**Available data**

(* Let $M>0$, let $f:[0,1]\to\mathbb{R}$ satisfy $|f(x)-f(y)|\le M|x-y|$ for all $x,y\in[0,1]$, and let $g(x)=f(x)\bmod 1\in[0,1)$. Let $n\ge 2$ be an integer and $x_i=\frac{i-1}{n-1}$ for $i=1,\dots,n$. Let $\delta\in[0,1/2]$ and let $\hat g:[0,1]\to[0,1)$ satisfy $d_w(\hat g(x_i),g(x_i))\le\delta$ for all $i$. For each $i$ let $\eta_i\in[-\delta,\delta]$ be such that $\hat g(x_i)=(f(x_i)+\eta_i)\bmod 1$, and set $\hat f(x_i):=f(x_i)+\eta_i$. If $2\delta+\frac{M}{n-1}<\frac12$, then for each $i=2,\dots,n$: $$\hat f(x_i)-\hat f(x_{i-1})=\begin{cases}\hat g(x_i)-\hat g(x_{i-1}) & \text{if } |\hat g(x_i)-\hat g(x_{i-1})|<1/2,\\ 1+\hat g(x_i)-\hat g(x_{i-1}) & \text{if } \hat g(x_i)-\hat g(x_{i-1})<-1/2,\\ -1+\hat g(x_i)-\hat g(x_{i-1}) & \text{if } \hat g(x_i)-\hat g(x_{i-1})>1/2.\end{cases}$$
   Context: For $a\in\mathbb{R}$, $a\bmod 1\in[0,1)$ denotes $a-\lfloor a\rfloor$. The wrap-around distance on $[0,1)$ is $d_w(a,b)=\min(|a-b|,1-|a-b|)$. *)

From Stdlib Require Export Reals.
Open Scope R_scope.

(* a mod 1 = a - floor a ; Int_part a = up a - 1 is the floor of a. *)
Definition mod1 (a : R) : R := a - IZR (Int_part a).

Definition dw (a b : R) : R := Rmin (Rabs (a - b)) (1 - Rabs (a - b)).

Definition grid (n i : nat) : R := INR (i - 1) / INR (n - 1).

(* Since ghat(x_j) = fhat_j mod 1, the difference
   fhat_i - fhat_(i-1) differs from D = ghat(x_i) - ghat(x_(i-1)) by an integer.
   The Lipschitz bound on the grid step and |eta_j| <= delta give
   |fhat_i - fhat_(i-1)| <= M/(n-1) + 2 delta < 1/2, while D lies in (-1, 1);
   the position of D relative to +-1/2 then pins that integer down to 0, 1 or -1. *)

From Stdlib Require Import Reals Lra Lia.
Open Scope R_scope.

Lemma mod1_range (a : R) : 0 <= mod1 a < 1.
Proof. unfold mod1; pose proof (base_Int_part a); lra. Qed.

Lemma sub_mod1_sub (a b : R) :
  a - b - (mod1 a - mod1 b) = IZR (Int_part a - Int_part b).
Proof. unfold mod1; rewrite minus_IZR; ring. Qed.

Lemma IZR_eq_of_dist_lt_1 (k z : Z) : Rabs (IZR k - IZR z) < 1 -> k = z.
Proof.
  intros Hkz; apply Rabs_def2 in Hkz; rewrite <- minus_IZR in Hkz.
  assert (k - z = 0)%Z by (apply one_IZR_lt1; lra).
  lia.
Qed.

Lemma unwrap_sub_mod1 (a b : R) :
  Rabs (a - b) < 1/2 ->
  let D := mod1 a - mod1 b in
  (Rabs D < 1/2 -> a - b = D) /\
  (D < - (1/2) -> a - b = 1 + D) /\
  (D > 1/2 -> a - b = -1 + D).
Proof.
  intros Hab D.
  pose proof (sub_mod1_sub a b) as Hk; fold D in Hk.
  set (k := (Int_part a - Int_part b)%Z) in Hk.
  assert (HD1 : -1 < D < 1)
    by (unfold D; pose proof (mod1_range a); pose proof (mod1_range b); lra).
  apply Rabs_def2 in Hab.
  split; [|split]; intros HD.
  - apply Rabs_def2 in HD.
    assert (k = 0%Z) as Hk0 by (apply IZR_eq_of_dist_lt_1, Rabs_def1; simpl; lra).
    rewrite Hk0 in Hk; simpl in Hk; lra.
  - assert (k = 1%Z) as Hk1 by (apply IZR_eq_of_dist_lt_1, Rabs_def1; simpl; lra).
    rewrite Hk1 in Hk; simpl in Hk; lra.
  - assert (k = (-1)%Z) as Hk1 by (apply IZR_eq_of_dist_lt_1, Rabs_def1; simpl; lra).
    rewrite Hk1 in Hk; simpl in Hk; lra.
Qed.

Lemma grid_in_unit (n i : nat) :
  (1 <= i <= n)%nat -> (2 <= n)%nat -> 0 <= grid n i <= 1.
Proof.
  intros Hi Hn; unfold grid.
  assert (0 < INR (n - 1)) by (apply lt_0_INR; lia).
  assert (INR (i - 1) <= INR (n - 1)) by (apply le_INR; lia).
  pose proof (pos_INR (i - 1)).
  split.
  - apply Rmult_le_pos; [lra | apply Rlt_le, Rinv_0_lt_compat; lra].
  - apply (Rmult_le_reg_r (INR (n - 1))); [lra |].
    unfold Rdiv; rewrite Rmult_assoc, Rinv_l by lra; lra.
Qed.

Lemma grid_step (n i : nat) :
  (2 <= i <= n)%nat -> grid n i - grid n (i - 1) = 1 / INR (n - 1).
Proof.
  intros Hi; unfold grid.
  assert (0 < INR (n - 1)) by (apply lt_0_INR; lia).
  replace (i - 1 - 1)%nat with (i - 2)%nat by lia.
  replace (i - 1)%nat with (S (i - 2)) by lia.
  rewrite S_INR; field; lra.
Qed.

Lemma lipschitz_grid_step (M : R) (f : R -> R) (n i : nat) :
  (forall x y, 0 <= x <= 1 -> 0 <= y <= 1 -> Rabs (f x - f y) <= M * Rabs (x - y)) ->
  (2 <= i <= n)%nat ->
  Rabs (f (grid n i) - f (grid n (i - 1))) <= M / INR (n - 1).
Proof.
  intros Hf Hi.
  assert (0 < INR (n - 1)) by (apply lt_0_INR; lia).
  eapply Rle_trans.
  - apply Hf; apply grid_in_unit; lia.
  - rewrite grid_step, Rabs_pos_eq by (auto; apply Rlt_le, Rdiv_lt_0_compat; lra).
    right; field; lra.
Qed.

Theorem mainTheorem1
  (M : R) (f : R -> R) (n : nat) (delta : R) (ghat : R -> R) (eta : nat -> R) :
  0 < M ->
  (forall x y, 0 <= x <= 1 -> 0 <= y <= 1 -> Rabs (f x - f y) <= M * Rabs (x - y)) ->
  (2 <= n)%nat ->
  0 <= delta <= 1/2 ->
  (forall x, 0 <= x <= 1 -> 0 <= ghat x < 1) ->
  (forall i, (1 <= i <= n)%nat ->
     dw (ghat (grid n i)) (mod1 (f (grid n i))) <= delta) ->
  (forall i, (1 <= i <= n)%nat ->
     - delta <= eta i <= delta /\
     ghat (grid n i) = mod1 (f (grid n i) + eta i)) ->
  2 * delta + M / INR (n - 1) < 1/2 ->
  forall i, (2 <= i <= n)%nat ->
    let fhat := fun j => f (grid n j) + eta j in
    let D := ghat (grid n i) - ghat (grid n (i - 1)) in
    (Rabs D < 1/2 -> fhat i - fhat (i - 1)%nat = D) /\
    (D < - (1/2) -> fhat i - fhat (i - 1)%nat = 1 + D) /\
    (D > 1/2 -> fhat i - fhat (i - 1)%nat = -1 + D).
Proof.
  intros _ Hf _ _ _ _ Heta Hsmall i Hi fhat D.
  destruct (Heta i) as [Heta_i Hghat_i]; [lia|].
  destruct (Heta (i - 1)%nat) as [Heta_i1 Hghat_i1]; [lia|].
  assert (Hfhat : Rabs (fhat i - fhat (i - 1)%nat) < 1/2).
  { pose proof (lipschitz_grid_step M f n i Hf Hi).
    assert (Rabs (eta i - eta (i - 1)%nat) <= 2 * delta) by (apply Rabs_le; lra).
    unfold fhat.
    replace (f (grid n i) + eta i - (f (grid n (i - 1)) + eta (i - 1)%nat))
      with ((f (grid n i) - f (grid n (i - 1))) + (eta i - eta (i - 1)%nat)) by ring.
    eapply Rle_lt_trans; [apply Rabs_triang | lra]. }
  unfold D; rewrite Hghat_i, Hghat_i1.
  exact (unwrap_sub_mod1 (fhat i) (fhat (i - 1)%nat) Hfhat).
Qed.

**What is expected**
One number answers this exercise: the count of lines above in which the word "assert" appears.

**Answer space**
11